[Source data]
_____
(* def(A) > 0 : the row space of A has positive codimension in the space
   of finitely supported sequences, i.e. it is a proper subspace. *)
Definition def_pos (F : fieldType) (A : nat -> nat -> F) : Prop :=
  exists x : nat -> F, fin_supp x /\ ~ in_rowspace A x.

(* Multiplying by the nonsingular Q does not change the solution set, so
   A y = g is equivalent to H y = k.  A zero row of H gives the condition
   k_w = 0.  A nonzero row j with pivot column mu has H_{j,mu} = 1 and vanishes
   beyond mu, so its equation determines y_mu from y_0, ..., y_{mu-1}; as pivot
   columns are pairwise distinct, these equations can be solved by recursion on
   the column index, prescribing the non-pivot coordinates freely.
   For the homogeneous system: if every column is a pivot column, eliminating
   the last coordinate with the pivot row shows that every finitely supported
   sequence lies in the row space of H, hence of A; conversely a non-pivot
   column s yields a solution with y_s = 1, and a kernel vector with y_s <> 0
   is orthogonal to the row space but not to the unit vector e_s. *)
From Stdlib Require Import ClassicalEpsilon Classical.
From HB Require Import structures.
From mathcomp Require Import all_boot all_order all_algebra.
Import GRing.Theory.
Local Open Scope ring_scope.
Set Implicit Arguments. Unset Strict Implicit.

Section RowFinite.
Variable F : fieldType.

Lemma sum_ord_widen_eq0 (f : nat -> F) b M :
  (forall k, (b <= k)%N -> f k = 0) -> (b <= M)%N ->
  \sum_(k < b) f k = \sum_(k < M) f k.
Proof.
move=> f_eq0 lebM; rewrite (big_ord_widen _ _ lebM) big_mkcond.
by apply: eq_bigr => k _; case: ltnP => // /f_eq0 ->.
Qed.

Lemma idm_sum (y : nat -> F) s M : (s < M)%N ->
  \sum_(k < M) idm F s k * y k = y s.
Proof.
move=> ltsM; rewrite (bigD1 (Ordinal ltsM)) //= /idm eqxx mul1r big1 ?addr0 //.
by move=> k; rewrite eq_sym -val_eqE /= => /negbTE ->; rewrite mul0r.
Qed.

Lemma eq_mulv (X : rfmat F) u v : u =1 v -> mulv X u =1 mulv X v.
Proof. by move=> euv i; apply: eq_bigr => k _; rewrite euv. Qed.

Definition mulm_bound (X Y : rfmat F) i := (\max_(l < rfb X i) rfb Y l)%N.

Lemma leq_mulm_bound (X Y : rfmat F) i l :
  (l < rfb X i)%N -> (rfb Y l <= mulm_bound X Y i)%N.
Proof.
by move=> ltl; apply: (@leq_bigmax _ (fun l : 'I_(rfb X i) => rfb Y l) (Ordinal ltl)).
Qed.

Lemma mulm_eq0 (X Y : rfmat F) i k :
  (mulm_bound X Y i <= k)%N -> mulm X Y i k = 0.
Proof.
move=> lek; apply: big1 => l _; rewrite (rfbP (r := Y)) ?mulr0 //.
exact: leq_trans (leq_mulm_bound Y (ltn_ord l)) lek.
Qed.

Lemma mulv_mulv (X Y : rfmat F) (v : nat -> F) i M :
  (mulm_bound X Y i <= M)%N ->
  mulv X (mulv Y v) i = \sum_(k < M) mulm X Y i k * v k.
Proof.
move=> leM; rewrite /mulv /mulm.
transitivity (\sum_(l < rfb X i) \sum_(k < M) X i l * (Y l k * v k)).
  apply: eq_bigr => l _; rewrite mulr_sumr.
  apply: (@sum_ord_widen_eq0 (fun k => X i l * (Y l k * v k)) (rfb Y l)).
    by move=> k lek; rewrite (rfbP (r := Y)) // mul0r mulr0.
  exact: leq_trans (leq_mulm_bound Y (ltn_ord l)) leM.
rewrite exchange_big /=; apply: eq_bigr => k _.
by rewrite mulr_suml; apply: eq_bigr => l _; rewrite mulrA.
Qed.

Lemma zero_rowVis_len (x : nat -> F) b :
  (forall k, (b <= k)%N -> x k = 0) -> zero_row x \/ exists l, is_len x l.
Proof.
elim: b => [|b IHb] x_eq0; first by left => k; apply: x_eq0.
have [xb0|xb_neq0] := eqVneq (x b) 0; last by right; exists b; split => // k /x_eq0.
by apply: IHb => k; rewrite leq_eqVlt => /orP[/eqP <- //|/x_eq0].
Qed.

Lemma in_rowspace_ext (X : nat -> nat -> F) u v :
  u =1 v -> in_rowspace X v -> in_rowspace X u.
Proof. by move=> euv [N [c hc]]; exists N, c => k; rewrite euv hc. Qed.
Lemma induced_embedding_pattern (h : {ffun W -> V}) :
  irreflexive eL -> irreflexive eG ->
  induced_embedding eL eG h = all (holds f g x0 (fgraph h)) pattern_constrs.
Proof.
move=> irrL irrG.
have nth_h (i : 'I_#|W|) : nth x0 (fgraph h) i = h (enum_val i).
  by rewrite -tnth_nth tnth_fgraph.
rewrite /pattern_constrs all_map all_filter; apply/idP/all_allpairsP.
  move=> /andP [/injectiveP h_inj /forallP h_adj] i j _ _ /=; apply/implyP => ij.
  rewrite /holds /= !nth_h mem_adjacency_offsets (forallP (h_adj _)) /=.
  by apply: contra ij => /eqP/h_inj/enum_val_inj ->.
move=> pattern_ok.
have h_ok u v : u != v -> (eG (h u) (h v) == eL u v) && (h u != h v).
  move=> uv; have := pattern_ok (enum_rank u) (enum_rank v) (mem_enum _ _) (mem_enum _ _).
  rewrite /= /holds /= !nth_h !enum_rankK mem_adjacency_offsets => /implyP; apply.
  by rewrite (inj_eq enum_rank_inj).
apply/andP; split.
  apply/injectiveP => u v huv; apply/eqP; apply: contraT => uv.
  by have := h_ok u v uv; rewrite huv eqxx andbF.
apply/forallP => u; apply/forallP => v.
by case: (eqVneq u v) => [->|/h_ok /andP []]; rewrite ?irrL ?irrG.
Qed.

Lemma n_embeddings_nsol : irreflexive eL -> irreflexive eG ->
  n_embeddings eL eG = nsol f g x0 #|W| pattern_constrs.
Proof.
move=> irrL irrG; rewrite /n_embeddings -sum1_card big_mkcond /nsol.
rewrite (reindex (@fgraph W V)) /=; last first.
  by exists (@Finfun W V) => h _; [rewrite fgraphK | rewrite FinfunK].
by apply: eq_bigr => h _; rewrite inE -induced_embedding_pattern //; case: ifP.
Qed.

End PatternConstraints.

Lemma modS_inj m i j : i < m -> j < m -> i.+1 %% m = j.+1 %% m -> i = j.
Proof.
move=> im jm ij; have : i + 1 == j + 1 %[mod m] by rewrite !addn1 ij.
by rewrite eqn_modDr !modn_small // => /eqP.
Qed.

Definition cycle_walk (V : finType) (e : rel V) c m (walk : nat -> V) x : Prop :=
  [/\ (2 < m) && (c <= m),
   forall i j, i < m -> j < m -> walk i = walk j -> i = j,
   forall i, i < m -> connect e x (walk i),
   forall v, connect e x v -> exists2 i, i < m & walk i = v &
   forall i j, i < m -> j < m -> e (walk i) (walk j) = (j == i.+1 %% m) || (i == j.+1 %% m)].

Section CycleRotation.
Variables (V : finType) (e : rel V) (K : nat).
Hypothesis e_sym : symmetric e.
Variables (len : V -> nat) (walk : V -> nat -> V).
Hypothesis walkP : forall x, cycle_walk e K.+1 (len x) (walk x) x.

Local Notation root := (fingraph.root e).
Let e_csym : connect_sym e := sym_connect_sym e_sym.

(* Every component is walked from its root, so that all its vertices are
   rotated in the same direction. *)
Definition period v := len (root v).
Definition place v := odflt 0 (omap val [pick i : 'I_(period v) | walk (root v) i == v]).
Definition rotate v := walk (root v) ((place v).+1 %% period v).

Lemma period_gt0 v : 0 < period v.
Proof. by have [/andP [len_gt2 _] _ _ _ _] := walkP (root v); apply: leq_trans len_gt2. Qed.

Lemma placeP v : place v < period v /\ walk (root v) (place v) = v.
Proof.
rewrite /place; case: pickP => [i /eqP iv|no_pos] /=; first by split.
have [_ _ _ onto _] := walkP (root v).
have [i ilt iv] := onto v (etrans (e_csym _ _) (connect_root e v)).
by have := no_pos (Ordinal ilt); rewrite /= iv eqxx.
Qed.

Lemma root_walk v i : i < period v -> root (walk (root v) i) = root v.
Proof.
have [_ _ conn _ _] := walkP (root v).
by move=> /conn /(fingraph.rootP e_csym) <-; rewrite root_root.
Qed.

Lemma place_walk v i : i < period v -> place (walk (root v) i) = i.
Proof.
move=> ilt; have [_ inj _ _ _] := walkP (root v).
have [] := placeP (walk (root v) i); rewrite /period root_walk // => /inj; apply => //.
Qed.

Lemma place_inj v w : root v = root w -> place v = place w -> v = w.
Proof. by move=> vw pvw; case: (placeP v) (placeP w) => _ <- [_ <-]; rewrite vw pvw. Qed.

Lemma root_rotate v : root (rotate v) = root v.
Proof. by rewrite root_walk // ltn_pmod ?period_gt0. Qed.

Lemma place_rotate v : place (rotate v) = (place v).+1 %% period v.
Proof. by rewrite place_walk // ltn_pmod ?period_gt0. Qed.

Lemma connect_rotate v : connect e v (rotate v).
Proof. by apply/(fingraph.rootP e_csym); rewrite root_rotate. Qed.

Lemma rotate_eq v w : root v = root w -> (w == rotate v) = (place w == (place v).+1 %% period v).
Proof.
move=> vw; apply/eqP/eqP => [->|pw]; first exact: place_rotate.
by apply: place_inj; rewrite ?root_rotate ?place_rotate.
Qed.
_____
_What to produce:_ Your reply is to repeat, unchanged, the lines above running from the one with "move=> f_eq0 lebM;" up to and including the one with "elim: b => [|b".

_Written answer:_
move=> f_eq0 lebM; rewrite (big_ord_widen _ _ lebM) big_mkcond.
by apply: eq_bigr => k _; case: ltnP => // /f_eq0 ->.
Qed.

Lemma idm_sum (y : nat -> F) s M : (s < M)%N ->
  \sum_(k < M) idm F s k * y k = y s.
Proof.
move=> ltsM; rewrite (bigD1 (Ordinal ltsM)) //= /idm eqxx mul1r big1 ?addr0 //.
by move=> k; rewrite eq_sym -val_eqE /= => /negbTE ->; rewrite mul0r.
Qed.

Lemma eq_mulv (X : rfmat F) u v : u =1 v -> mulv X u =1 mulv X v.
Proof. by move=> euv i; apply: eq_bigr => k _; rewrite euv. Qed.

Definition mulm_bound (X Y : rfmat F) i := (\max_(l < rfb X i) rfb Y l)%N.

Lemma leq_mulm_bound (X Y : rfmat F) i l :
  (l < rfb X i)%N -> (rfb Y l <= mulm_bound X Y i)%N.
Proof.
by move=> ltl; apply: (@leq_bigmax _ (fun l : 'I_(rfb X i) => rfb Y l) (Ordinal ltl)).
Qed.

Lemma mulm_eq0 (X Y : rfmat F) i k :
  (mulm_bound X Y i <= k)%N -> mulm X Y i k = 0.
Proof.
move=> lek; apply: big1 => l _; rewrite (rfbP (r := Y)) ?mulr0 //.
exact: leq_trans (leq_mulm_bound Y (ltn_ord l)) lek.
Qed.

Lemma mulv_mulv (X Y : rfmat F) (v : nat -> F) i M :
  (mulm_bound X Y i <= M)%N ->
  mulv X (mulv Y v) i = \sum_(k < M) mulm X Y i k * v k.
Proof.
move=> leM; rewrite /mulv /mulm.
transitivity (\sum_(l < rfb X i) \sum_(k < M) X i l * (Y l k * v k)).
  apply: eq_bigr => l _; rewrite mulr_sumr.
  apply: (@sum_ord_widen_eq0 (fun k => X i l * (Y l k * v k)) (rfb Y l)).
    by move=> k lek; rewrite (rfbP (r := Y)) // mul0r mulr0.
  exact: leq_trans (leq_mulm_bound Y (ltn_ord l)) leM.
rewrite exchange_big /=; apply: eq_bigr => k _.
by rewrite mulr_suml; apply: eq_bigr => l _; rewrite mulrA.
Qed.

Lemma zero_rowVis_len (x : nat -> F) b :
  (forall k, (b <= k)%N -> x k = 0) -> zero_row x \/ exists l, is_len x l.
Proof.
elim: b => [|b IHb] x_eq0; first by left => k; apply: x_eq0.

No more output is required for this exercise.